Executive Director Sam Moore said the Astrobotic-partnered museum will offer an immersive learning experience and shows students what space has to offer career wise.

A model inside the Moonshot Museum. (Photo by Atiya Irvin-Mitchell)

One small step for man and one giant leap for Pittsburghers who are fascinated by galaxies far, far away: On Saturday, Oct. 15, the long awaited Moonshot Museum will be open to the public.

Through a partnership with the lunar logistics and robotics company Astrobotic, the Moonshot Museum is offering exhibits that will allow visitors to experience lunar missions without ever having to leave the North Side.

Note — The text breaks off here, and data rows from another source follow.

(* Let $U$ be a finite-dimensional real vector space and $\lambda\colon U_{\mathbb C}\to\mathbb C$ a polynomial function. For every entire function $\Psi\colon\mathbb C\to\mathbb C$ of finite order, there exists a holomorphic function $\nu$ on $U_{\mathbb C}$ with moderate vertical growth whose zero set is exactly $\lambda^{-1}(\{z\in\mathbb C:\Psi(z)=0\})$.
   Context: The order of an entire function $\Psi$ is the infimum of $e\ge0$ such that $|\Psi(z)|<C_e\exp(|z|^e)$ for all $z$ and some $C_e>0$. A holomorphic $\nu$ on $U_{\mathbb C}$ has moderate vertical growth if for every $M>0$ there is $r_M\in\mathbb R$ with $\sup_{\|\mathrm{Re}\,z\|<M}|\nu(z)|(1+\|z\|)^{r_M}<\infty$ for a Euclidean norm $\|\cdot\|$ on $U_{\mathbb C}$ (here $\mathrm{Re}\colon U_{\mathbb C}\to U$ is the real part). *)

From Stdlib Require Import Reals.
From mathcomp Require Import ssreflect ssrfun ssrbool eqtype ssrnat fintype bigop.
Open Scope R_scope.


Record CC := mkC { Cre : R ; Cim : R }.

Definition C0 : CC := mkC 0 0.
Definition Cadd (z w : CC) : CC := mkC (Cre z + Cre w) (Cim z + Cim w).
Definition Copp (z : CC) : CC := mkC (- Cre z) (- Cim z).
Definition Csub (z w : CC) : CC := Cadd z (Copp w).
Definition Cmul (z w : CC) : CC :=
  mkC (Cre z * Cre w - Cim z * Cim w) (Cre z * Cim w + Cim z * Cre w).
Definition Cnorm (z : CC) : R := sqrt (Cre z * Cre z + Cim z * Cim z).

(* ---------- U = R^n, U_C = CC^n ---------- *)
Definition CVec (n : nat) := 'I_n -> CC.

Definition vadd {n} (z w : CVec n) : CVec n := fun i => Cadd (z i) (w i).
Definition vnorm {n} (z : CVec n) : R :=
  sqrt (\big[Rplus/0]_(i < n) (Cnorm (z i) * Cnorm (z i))).
Definition renorm {n} (z : CVec n) : R :=
  sqrt (\big[Rplus/0]_(i < n) (Cre (z i) * Cre (z i))).

(* x^e for x >= 0 and real e >= 0, with the convention 0^0 = 1, 0^e = 0 (e>0) *)
Definition rpow (x e : R) : R :=
  if Req_EM_T x 0 then (if Req_EM_T e 0 then 1 else 0) else Rpower x e.

Definition entire (f : CC -> CC) : Prop :=
  forall z : CC, exists a : CC, forall eps : R, eps > 0 ->
    exists delta : R, delta > 0 /\
      forall h : CC, 0 < Cnorm h < delta ->
        Cnorm (Csub (Csub (f (Cadd z h)) (f z)) (Cmul a h)) <= eps * Cnorm h.

Definition holomorphic {n} (f : CVec n -> CC) : Prop :=
  forall z : CVec n, exists a : CVec n, forall eps : R, eps > 0 ->
    exists delta : R, delta > 0 /\
      forall h : CVec n, 0 < vnorm h < delta ->
        Cnorm (Csub (Csub (f (vadd z h)) (f z))
                    (\big[Cadd/C0]_(i < n) Cmul (a i) (h i)))
          <= eps * vnorm h.

(* Psi has finite order: the set of e >= 0 with |Psi z| < C_e exp(|z|^e)
   for all z (some C_e > 0) is nonempty, i.e. its infimum is finite. *)
Definition finite_order (Psi : CC -> CC) : Prop :=
  exists e : R, e >= 0 /\ exists Ce : R, Ce > 0 /\
    forall z : CC, Cnorm (Psi z) < Ce * exp (rpow (Cnorm z) e).

Inductive poly_fun {n : nat} : (CVec n -> CC) -> Prop :=
  | pf_const (c : CC) : poly_fun (fun _ => c)
  | pf_coord (i : 'I_n) : poly_fun (fun z => z i)
  | pf_add (p q : CVec n -> CC) :
      poly_fun p -> poly_fun q -> poly_fun (fun z => Cadd (p z) (q z))
  | pf_mul (p q : CVec n -> CC) :
      poly_fun p -> poly_fun q -> poly_fun (fun z => Cmul (p z) (q z)).

Definition moderate_vertical_growth {n} (nu : CVec n -> CC) : Prop :=
  forall M : R, M > 0 -> exists rM : R, exists B : R,
    forall z : CVec n, renorm z < M ->
      Cnorm (nu z) * Rpower (1 + vnorm z) rM <= B.

(* Take [nu = (Psi o lambda) * exp (- K q ^ D)] with [q z = - sum_i z_i ^ 2];
   the second factor is entire and never vanishes, so [nu] has the zeros of
   [Psi o lambda].  Finite order gives [|Psi (lambda z)| <= B exp (A (1 + |z|) ^ D)].
   Now [Re q = |Im z|^2 - |Re z|^2] and [|Im q| <= c |Re z|^2 + |Im z|^2 / c] for
   every [c > 0], so on a vertical strip [q z] enters, for large [|Im z|], a cone
   around the positive real axis narrow enough that [Re (q ^ D)] is at least
   [|Im z|^(2D) / 2^(D+1)] up to a constant.  Since [(1 + |z|) ^ D] is at most
   [2^D |Im z|^(2D)] up to a constant on the strip, [K = A 2^(2D+1)] makes [nu]
   bounded there. *)

From HB Require Import structures.
From mathcomp Require Import ssreflect ssrfun ssrbool eqtype ssrnat fintype bigop.
From Stdlib Require Import ZArith Reals Lra Psatz.
Open Scope R_scope.

Lemma CC_ext (z w : CC) : Cre z = Cre w -> Cim z = Cim w -> z = w.
Proof. by case: z => a b; case: w => c d /= -> ->. Qed.

Ltac Ceq := apply: CC_ext => /=; ring.

Definition C1 : CC := mkC 1 0.

Lemma CaddA : associative Cadd. Proof. by move=> x y z; Ceq. Qed.
Lemma CaddC : commutative Cadd. Proof. by move=> x y; Ceq. Qed.
Lemma Cadd0l : left_id C0 Cadd. Proof. by move=> x; Ceq. Qed.
HB.instance Definition _ := Monoid.isComLaw.Build CC C0 Cadd CaddA CaddC Cadd0l.

Lemma RplusA : associative Rplus. Proof. by move=> x y z; ring. Qed.
Lemma RplusC : commutative Rplus. Proof. by move=> x y; ring. Qed.
Lemma Rplus0l : left_id 0 Rplus. Proof. by move=> x; ring. Qed.
HB.instance Definition _ := Monoid.isComLaw.Build R 0 Rplus RplusA RplusC Rplus0l.

Lemma Cnorm_ge0 z : 0 <= Cnorm z. Proof. exact: sqrt_pos. Qed.

Lemma Cnorm_sq z : Cnorm z * Cnorm z = Cre z * Cre z + Cim z * Cim z.
Proof. by rewrite /Cnorm sqrt_sqrt //; nra. Qed.

Lemma Cnorm_mul z w : Cnorm (Cmul z w) = Cnorm z * Cnorm w.
Proof. rewrite /Cnorm -sqrt_mult; try nra; f_equal => /=; ring. Qed.

Lemma sqrt_le_of_sq x y : 0 <= x -> y <= x * x -> sqrt y <= x.
Proof. by move=> hx h; rewrite -(sqrt_square x) //; apply: sqrt_le_1_alt. Qed.

Lemma sqrt_ge_of_sq x y : x * x <= y -> x <= sqrt y.
Proof.
move=> h; case: (Rle_lt_dec x 0) => hx; first by have := sqrt_pos y; lra.
by rewrite -(sqrt_square x); [apply: sqrt_le_1_alt | lra].
Qed.
Definition dprod {T U : Type} (F : R -> R -> R) (dT : T -> T -> R) (dU : U -> U -> R)
  : T * U -> T * U -> R :=
  fun p q => F (dT (fst p) (fst q)) (dU (snd p) (snd q)).

Definition is_product_measure {T U : Type} (dT : T -> T -> R) (dU : U -> U -> R)
  (dTU : T * U -> T * U -> R)
  (mu : (T -> Prop) -> R) (nu : (U -> Prop) -> R) (P : (T * U -> Prop) -> R) : Prop :=
  borel_prob dTU P /\
  forall A B, borel dT A -> borel dU B ->
    P (fun p => A (fst p) /\ B (snd p)) = mu A * nu B.

From Stdlib Require Import Reals Lra Lia List Classical ClassicalEpsilon
  FunctionalExtensionality PropExtensionality.
Open Scope R_scope.

(* Fix admissible radii [a] for (mu, mu') and [b] for (nu, nu').  Every open set of X * Y
   is an increasing union of finite unions E of rectangles A * B, and for such E a finite
   Fubini argument over the atoms generated by the A's and the B's, using admissibility
   first in Y and then in X, gives P'(E) <= P(E^{a,b}) + lam a + lam b, where E^{a,b}
   thickens each A by a and each B by b.  Since F need not be monotone, a point of E^{a,b}
   is only known to lie within 2 F(a, b) of E (triangle inequality of d_F on a product of
   three-point spaces).  Hence every rho > max(a + b, 2 F(a, b)) is admissible for (P, P'),
   and continuity of F lets a and b tend to the two Prokhorov distances. *)

Lemma pred_ext {T : Type} (A B : T -> Prop) : (forall x, A x <-> B x) -> A = B.
Proof.
  intros H; apply functional_extensionality; intro x; apply propositional_extensionality; auto.
Qed.

Lemma borel_open {T : Type} (d : T -> T -> R) O : is_open d O -> borel d O.
Proof. intros H S _ HS; auto. Qed.

Lemma borel_full {T : Type} (d : T -> T -> R) : borel d (fun _ => True).
Proof. intros S HS _; apply HS. Qed.

Lemma borel_compl {T : Type} (d : T -> T -> R) A :
  borel d A -> borel d (fun x => ~ A x).
Proof. intros H S HS Ho; apply HS, H; assumption. Qed.

Lemma borel_countable_union {T : Type} (d : T -> T -> R) (A : nat -> T -> Prop) :
  (forall n, borel d (A n)) -> borel d (fun x => exists n, A n x).
Proof. intros H S HS Ho; apply HS; intro n; apply H; assumption. Qed.

Lemma borel_empty {T : Type} (d : T -> T -> R) : borel d (fun _ => False).
Proof.
  replace (fun _ : T => False) with (fun x : T => ~ True) by (apply pred_ext; tauto).
  apply (borel_compl d (fun _ => True)), borel_full.
Qed.

Lemma borel_or {T : Type} (d : T -> T -> R) A B :
  borel d A -> borel d B -> borel d (fun x => A x \/ B x).
Proof.
  intros HA HB.
  replace (fun x => A x \/ B x) with (fun x => exists n : nat, (if n then A else B) x).
  - apply borel_countable_union; intros [|n]; auto.
  - apply pred_ext; intro x; split.
    + intros [[|n] H]; auto.
    + intros [H|H]; [exists 0%nat | exists 1%nat]; auto.
Qed.

Lemma borel_and {T : Type} (d : T -> T -> R) A B :
  borel d A -> borel d B -> borel d (fun x => A x /\ B x).
Proof.
  intros HA HB.
  replace (fun x => A x /\ B x) with (fun x => ~ (~ A x \/ ~ B x))
    by (apply pred_ext; intro x; tauto).
  apply (borel_compl d (fun x => ~ A x \/ ~ B x)), borel_or; apply borel_compl; auto.
Qed.

Lemma borel_diff {T : Type} (d : T -> T -> R) A B :
  borel d A -> borel d B -> borel d (fun x => A x /\ ~ B x).
Proof. intros; apply borel_and; auto; apply borel_compl; auto. Qed.

Lemma borel_const {T : Type} (d : T -> T -> R) (G : Prop) : borel d (fun _ => G).
Proof.
  destruct (classic G) as [HG|HG].
  - replace (fun _ : T => G) with (fun _ : T => True) by (apply pred_ext; tauto).
    apply borel_full.
  - replace (fun _ : T => G) with (fun _ : T => False) by (apply pred_ext; tauto).
    apply borel_empty.
Qed.

Section Metric.
Variables (T : Type) (d : T -> T -> R).
Hypothesis hd : is_metric d.

Lemma metric_self x : d x x = 0.
Proof. apply hd; reflexivity. Qed.

Lemma metric_sym x y : d x y = d y x.
Proof. apply hd. Qed.

Lemma metric_triangle x y z : d x z <= d x y + d y z.
Proof. apply hd. Qed.

Lemma metric_nonneg x y : 0 <= d x y.
Proof.
  pose proof (metric_triangle x y x). rewrite metric_self, (metric_sym y x) in H. lra.
Qed.

Lemma metric_pos x y : x <> y -> 0 < d x y.
Proof.
  intros Hxy. destruct (metric_nonneg x y) as [|H]; auto.
  exfalso; apply Hxy, hd; auto.
Qed.

Lemma nbhd_open r A : is_open d (nbhd d r A).
Proof.
  intros x [a [Ha Hxa]]. exists (r - d x a). split; [lra|].
  intros y Hy. exists a; split; auto.
  pose proof (metric_triangle y x a). rewrite (metric_sym y x) in H. lra.
Qed.

Lemma nbhd_borel r A : borel d (nbhd d r A).
Proof. apply borel_open, nbhd_open. Qed.

Lemma nbhd_self r A x : 0 < r -> A x -> nbhd d r A x.
Proof. intros Hr Hx. exists x; rewrite metric_self; auto. Qed.

Lemma nbhd_nbhd r s A x : nbhd d r (nbhd d s A) x -> nbhd d (r + s) A x.
Proof.
  intros [y [[a [Ha Hya]] Hxy]]. exists a; split; auto.
  pose proof (metric_triangle x y a). lra.
Qed.

End Metric.

Section Measure.
Variables (T : Type) (d : T -> T -> R) (m : (T -> Prop) -> R).
Hypothesis hm : borel_prob d m.

Lemma measure_nonneg A : borel d A -> 0 <= m A.
Proof. apply hm. Qed.

Lemma measure_empty : m (fun _ => False) = 0.
Proof.
  assert (Hcv : Un_cv (fun N => sum_f_R0 (fun _ => m (fun _ => False)) N) (m (fun _ => False))).
  { pose proof (proj2 (proj2 hm) (fun _ _ => False)) as H; cbv beta in H.
    replace (fun x : T => exists n : nat, False) with (fun _ : T => False) in H
      by (apply pred_ext; firstorder).
    apply H; [intros; apply borel_empty | tauto]. }
  (* the partial sums grow by [m empty] at each step, yet converge *)
  assert (Hstep : Un_cv (fun N => sum_f_R0 (fun _ => m (fun _ => False)) (N + 1)
                               - sum_f_R0 (fun _ => m (fun _ => False)) N) 0).
  { replace 0 with (m (fun _ => False) - m (fun _ => False)) by ring.
    apply CV_minus; [apply CV_shift'|]; exact Hcv. }
  eapply UL_sequence; [|exact Hstep].
  replace (fun N => sum_f_R0 (fun _ => m (fun _ => False)) (N + 1)
                    - sum_f_R0 (fun _ => m (fun _ => False)) N)
    with (fun _ : nat => m (fun _ => False)).
  - intros eps Heps; exists 0%nat; intros; unfold R_dist; rewrite Rminus_diag, Rabs_R0; lra.
  - apply functional_extensionality; intro N. rewrite Nat.add_1_r; simpl; ring.
Qed.

Lemma measure_disjoint_union A B :
  borel d A -> borel d B -> (forall x, A x -> B x -> False) ->
  m (fun x => A x \/ B x) = m A + m B.
Proof.
  intros HA HB HAB.
  set (S := fun n : nat => match n with 0 => A | 1 => B | _ => fun _ : T => False end).
  assert (Hcv : Un_cv (fun N => sum_f_R0 (fun n => m (S n)) N) (m (fun x => exists n, S n x))).
  { apply hm.
    - intros [|[|n]]; simpl; auto. apply borel_empty.
    - intros [|[|i]] [|[|j]] x Hij; simpl; intros; try tauto; eauto. }
  replace (fun x => exists n, S n x) with (fun x => A x \/ B x) in Hcv.
  2:{ apply pred_ext; intro x; split.
      - intros [H|H]; [exists 0%nat | exists 1%nat]; auto.
      - intros [[|[|n]] H]; simpl in H; tauto. }
  apply (UL_sequence _ _ _ Hcv).
  intros eps Heps. exists 1%nat. intros [|n] Hn; [lia|].
  replace (sum_f_R0 (fun k => m (S k)) (Datatypes.S n)) with (m A + m B).
  { unfold R_dist; rewrite Rminus_diag, Rabs_R0; lra. }
  clear Hn. induction n; simpl; [reflexivity|]. simpl in IHn. rewrite <- IHn, measure_empty; ring.
Qed.
(* In the setting described in the context, there is a constant $C$ independent of $\epsilon\in(0,1)$ such that for every $t\ge0$, $$\int_{-\pi}^{\pi}\int_{-\pi}^{\pi}|X^\epsilon(x,y,t)|\,dx\,dy\le\int_{-\pi}^{\pi}\int_{-\pi}^{\pi}|\rho_0^\epsilon(x,y)|\,dx\,dy\le C.$$
   Context: Let $\mathcal{C}_b(\mathbb{R}^2)$ be the Banach space of bounded continuous real functions on $\mathbb{R}^2$ with sup norm; for real $u$, $u^+=\max(0,u)$, $u^-=\max(0,-u)$. For $0<\epsilon<1$ let $u^\epsilon,v^\epsilon:\mathbb{R}^2\times[0,\infty)\to\mathbb{R}$ be $2\pi$-periodic in $x$ and in $y$, with $t\mapsto u^\epsilon(\cdot,\cdot,t),v^\epsilon(\cdot,\cdot,t)$ continuous into $\mathcal{C}_b(\mathbb{R}^2)$ and bounded uniformly in $\epsilon,x,y,t$. Let $\rho_0^\epsilon\in\mathcal{C}_b(\mathbb{R}^2)$ be $2\pi$-periodic in each variable with $\sup_\epsilon\int_{[-\pi,\pi]^2}|\rho_0^\epsilon|<\infty$. Let $X^\epsilon$ be the global $\mathcal{C}^1$ solution $[0,\infty)\to\mathcal{C}_b(\mathbb{R}^2)$ of $X^\epsilon(x,y,0)=\rho_0^\epsilon(x,y)$ and $$\frac{d}{dt}X^\epsilon(x,y,t)=\frac1\epsilon\big[(X^\epsilon u^{\epsilon+})(x-\epsilon,y,t)-(X^\epsilon|u^\epsilon|)(x,y,t)+(X^\epsilon u^{\epsilon-})(x+\epsilon,y,t)+(X^\epsilon v^{\epsilon+})(x,y-\epsilon,t)-(X^\epsilon|v^\epsilon|)(x,y,t)+(X^\epsilon v^{\epsilon-})(x,y+\epsilon,t)\big].$$ *)

From Stdlib Require Import Reals.
From Coquelicot Require Import Coquelicot.
Open Scope R_scope.

Definition pos (a : R) : R := Rmax 0 a.
Definition neg (a : R) : R := Rmax 0 (- a).

Definition Cb (f : R -> R -> R) : Prop :=
  (exists M, forall x y, Rabs (f x y) <= M) /\
  (forall x y, continuous (fun p : R * R => f (fst p) (snd p)) (x, y)).

Definition periodic2 (f : R -> R -> R) : Prop :=
  forall x y, f (x + 2 * PI) y = f x y /\ f x (y + 2 * PI) = f x y.

Definition Cb_path (F : R -> R -> R -> R) : Prop :=
  forall t, 0 <= t -> Cb (F t).

Definition sup_continuous (F : R -> R -> R -> R) : Prop :=
  forall t, 0 <= t -> forall e, 0 < e -> exists d, 0 < d /\
    forall s, 0 <= s -> Rabs (s - t) < d ->
      forall x y, Rabs (F s x y - F t x y) <= e.

Definition sup_derivative (F F' : R -> R -> R -> R) : Prop :=
  forall t, 0 <= t -> forall e, 0 < e -> exists d, 0 < d /\
    forall s, 0 <= s -> s <> t -> Rabs (s - t) < d ->
      forall x y, Rabs ((F s x y - F t x y) / (s - t) - F' t x y) <= e.

Definition rhs (eps : R) (X u v : R -> R -> R -> R) (x y t : R) : R :=
  / eps * ( X (x - eps) y t * pos (u (x - eps) y t)
          - X x y t * Rabs (u x y t)
          + X (x + eps) y t * neg (u (x + eps) y t)
          + X x (y - eps) t * pos (v x (y - eps) t)
          - X x y t * Rabs (v x y t)
          + X x (y + eps) t * neg (v x (y + eps) t) ).

Definition dint (f : R -> R -> R) : R :=
  RInt (fun x => RInt (fun y => f x y) (- PI) PI) (- PI) PI.

From Pilot Require Import Defs.
From Stdlib Require Import Reals Lra Classical.
From Coquelicot Require Import Coquelicot.
Open Scope R_scope.

(* The L1 norm N(t) of X(t) over a period is continuous and does not increase to
   first order in time.  Under the CFL condition h (|u| + |v|) <= eps, one explicit
   Euler step X + h rhs(X) is pointwise bounded by a nonnegative combination of
   |X| at (x, y) and its four eps-neighbours, and the integral of that combination
   equals N(t): the upwind fluxes leaving a point enter its neighbour, and the
   integral over a period is translation invariant.  So every right Dini
   derivative of N is <= 0 and N is nonincreasing.
   Translation invariance needs X(t) to be 2 pi-periodic, which is not assumed:
   the translation defect X(t, x + 2 pi, y) - X(t, x, y) solves the same linear
   scheme with zero initial value, and a Gronwall estimate on its sup norm
   forces it to vanish. *)

Definition continuous_on_nonneg (p : R -> R) : Prop :=
  forall t, 0 <= t -> forall e, 0 < e -> exists d, 0 < d /\
    forall s, 0 <= s -> Rabs (s - t) < d -> Rabs (p s - p t) < e.

Definition right_dini_nonpos (p : R -> R) : Prop :=
  forall t, 0 <= t -> forall e, 0 < e -> exists d, 0 < d /\
    forall s, t < s < t + d -> p s <= p t + (s - t) * e.
Theorem lemma2p7 (eps delta K gam Rr : R) (rho0 dP0 : R -> R)
    (Drho : nat -> R -> R) (I4 I2 : R) :
  0 < eps -> 0 < delta -> 0 < K -> 6/5 < gam < 4/3 -> 0 < Rr ->
  (* Lane-Emden stationary density of radius Rr *)
  smooth_on (fun z => 0 <= z < Rr) rho0 Drho ->
  (forall z, 0 <= z < Rr -> 0 < rho0 z) ->
  rho0 Rr = 0 ->
  (forall z, 0 < z < Rr -> derivable_pt_lim (P0 K gam rho0) z (dP0 z)) ->
  (forall z, 0 < z < Rr -> exists m,
      is_RInt (fun y => rho0 y * y^2) 0 z m /\
      dP0 z = - (4 * PI * rho0 z / z^2) * m) ->
  (exists c1 c2 eta, 0 < c1 /\ 0 < c2 /\ 0 < eta /\
      forall z, Rr - eta < z < Rr ->
        c1 * Rpower (Rr - z) (1 / (gam - 1)) <= rho0 z /\
        rho0 z <= c2 * Rpower (Rr - z) (1 / (gam - 1))) ->
  (* the integrals defining C1 and C2 *)
  is_RInt (fun z => rho0 z * z^4) 0 Rr I4 ->
  is_RInt (fun z => (12 - 9 * gam) * K * rpow (rho0 z) gam * z^2) 0 Rr I2 ->
  let C1 := 3 * delta * Rr^3 / I4 in
  let C2 := I2 / I4 in
  0 < C1 /\ 0 < C2 /\
  (forall s, 0 < s ->
     inf_le (energy_values eps delta K gam Rr rho0 dP0 s) (s * C1 - C2)) /\
  (exists s0, 0 < s0 /\ forall s, 0 < s < s0 ->
     inf_lt (energy_values eps delta K gam Rr rho0 dP0 s) 0).
Proof.
  intros _ Hdelta HK Hgam HR Hsmooth Hpos Hedge Hderiv Hhydro Hbound HI4 HI2 C1 C2.
  destruct (LaneEmdenTrial.lane_emden_density_extension gam Rr rho0 Drho
              ltac:(lra) HR Hsmooth Hpos Hedge Hbound) as [rhoE [Hcont HrhoE]].
  assert (HM := LaneEmdenTrial.density_moment_pos Rr rho0 rhoE HR Hcont HrhoE Hpos).
  assert (HQ := LaneEmdenTrial.pressure_moment_pos K gam Rr rho0 rhoE HK ltac:(lra) HR Hcont HrhoE Hpos).
  rewrite (LaneEmdenTrial.density_moment_eq Rr rho0 rhoE HR HrhoE I4 HI4) in HM.
  assert (Hvalue : forall s, energy_values eps delta K gam Rr rho0 dP0 s (s * C1 - C2)).
  { intros s. unfold C1, C2.
    rewrite <- (LaneEmdenTrial.density_moment_eq Rr rho0 rhoE HR HrhoE I4 HI4),
            (LaneEmdenTrial.pressure_moment_eq K gam Rr rho0 rhoE ltac:(lra) HR Hcont HrhoE I2 HI2).
    apply LaneEmdenTrial.normalized_cubic_energy_value; auto; lra. }
  assert (HC1 : 0 < C1).
  { apply Rdiv_lt_0_compat; [apply Rmult_lt_0_compat; [lra | apply pow_lt] |]; lra. }
  assert (HC2 : 0 < C2).
  { unfold C2. rewrite (LaneEmdenTrial.pressure_moment_eq K gam Rr rho0 rhoE ltac:(lra) HR Hcont HrhoE I2 HI2).
    apply Rdiv_lt_0_compat; [apply Rmult_lt_0_compat |]; lra. }
  split; [exact HC1|]. split; [exact HC2|]. split.
  - intros s _ m Hlower. apply Hlower, Hvalue.
  - exists (C2 / C1). split; [apply Rdiv_lt_0_compat; lra|].
    intros s [Hs Hs0]. exists (s * C1 - C2). split; [apply Hvalue|].
    apply (Rmult_lt_compat_r C1) in Hs0; [|exact HC1].
    replace (C2 / C1 * C1) with C2 in Hs0 by (field; lra). lra.
Qed.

The unveiling of the final product is now only days away after two years of construction. Sam Moore, executive director of the Moonshot Museum, told his team is excited that so many residents are willing to welcome it to the list of local attractions.

“When we started a couple of years ago, no one had any clue what we were doing and had certainly never heard of Moonshot. What’s really gratifying now is when we talk about Moonshot Museum out in the community, people have heard of us,” Moore said. “They know we’re coming, they know that we’re focused on space in some way and so we’ve seen a lot of excitement leading up to our grand opening.”

Moonshot Museum display of a CubeRover. (Photo by Atiya Irvin-Mitchell)

For $10 for adults or $5 for children, once it’s officially open, visitors can enjoy a deep-dive education on the global space industry. Or, you could write a message that the museum says will later be sent to the moon onboard one of Astrobotic’s lunar landers. (Remember how the company recently got a shoutout in Time mag for its plans to launch its Peregrine spacecraft from the Kennedy Space Center at the end of this year?) If you’re going because space travel appeals to you, you could do a simulation of what it’d be like to explore the moon’s surface and learn survival skills for the lunar environment.

With three full-time employees, two part-time employees, a volunteer staff of 25 and 3,000 square feet to work with, Moore admits the Moonshot Museum is one of the smaller museums in the area. Still, in addition to fun and offering the chance to see some of Astrobotic’s 200 employees working on a lunar spacecraft, the museum is invested in education. Have a middle schooler or high schooler with an interest in space exploration? The Moonshot Museum could be the perfect place for a field trip or an outing.

Moore explained that the focus on those two age groups is a reflection of the fact that during middle school and high school, students are getting an idea of what their interests are and what they excel at. Although elementary aged children are welcome to visit, the museum specifically worked with middle school and high school teachers to design “experiences” that go along with whatever those students might be learning in the classrooms.

A model in the Moonshot Museum’s entrance. (Photo by Atiya Irvin-Michell)

“The format, the structure [and] the timing was all determined through prototyping with local students at the end of last year,” Moore said. “And then a lot of work with teachers in our community to make sure that we were building something that met the needs of their classroom and what they were trying to teach, and met their students where they’re at.”

Moore also shared that the museum will be partnering with institutions such as CCAC, Carnegie Science Center and Carnegie Mellon University — which is also a founding partner — to co-build joint programming for students in the area, and eventually an exhibit focused on Mars over the next three years.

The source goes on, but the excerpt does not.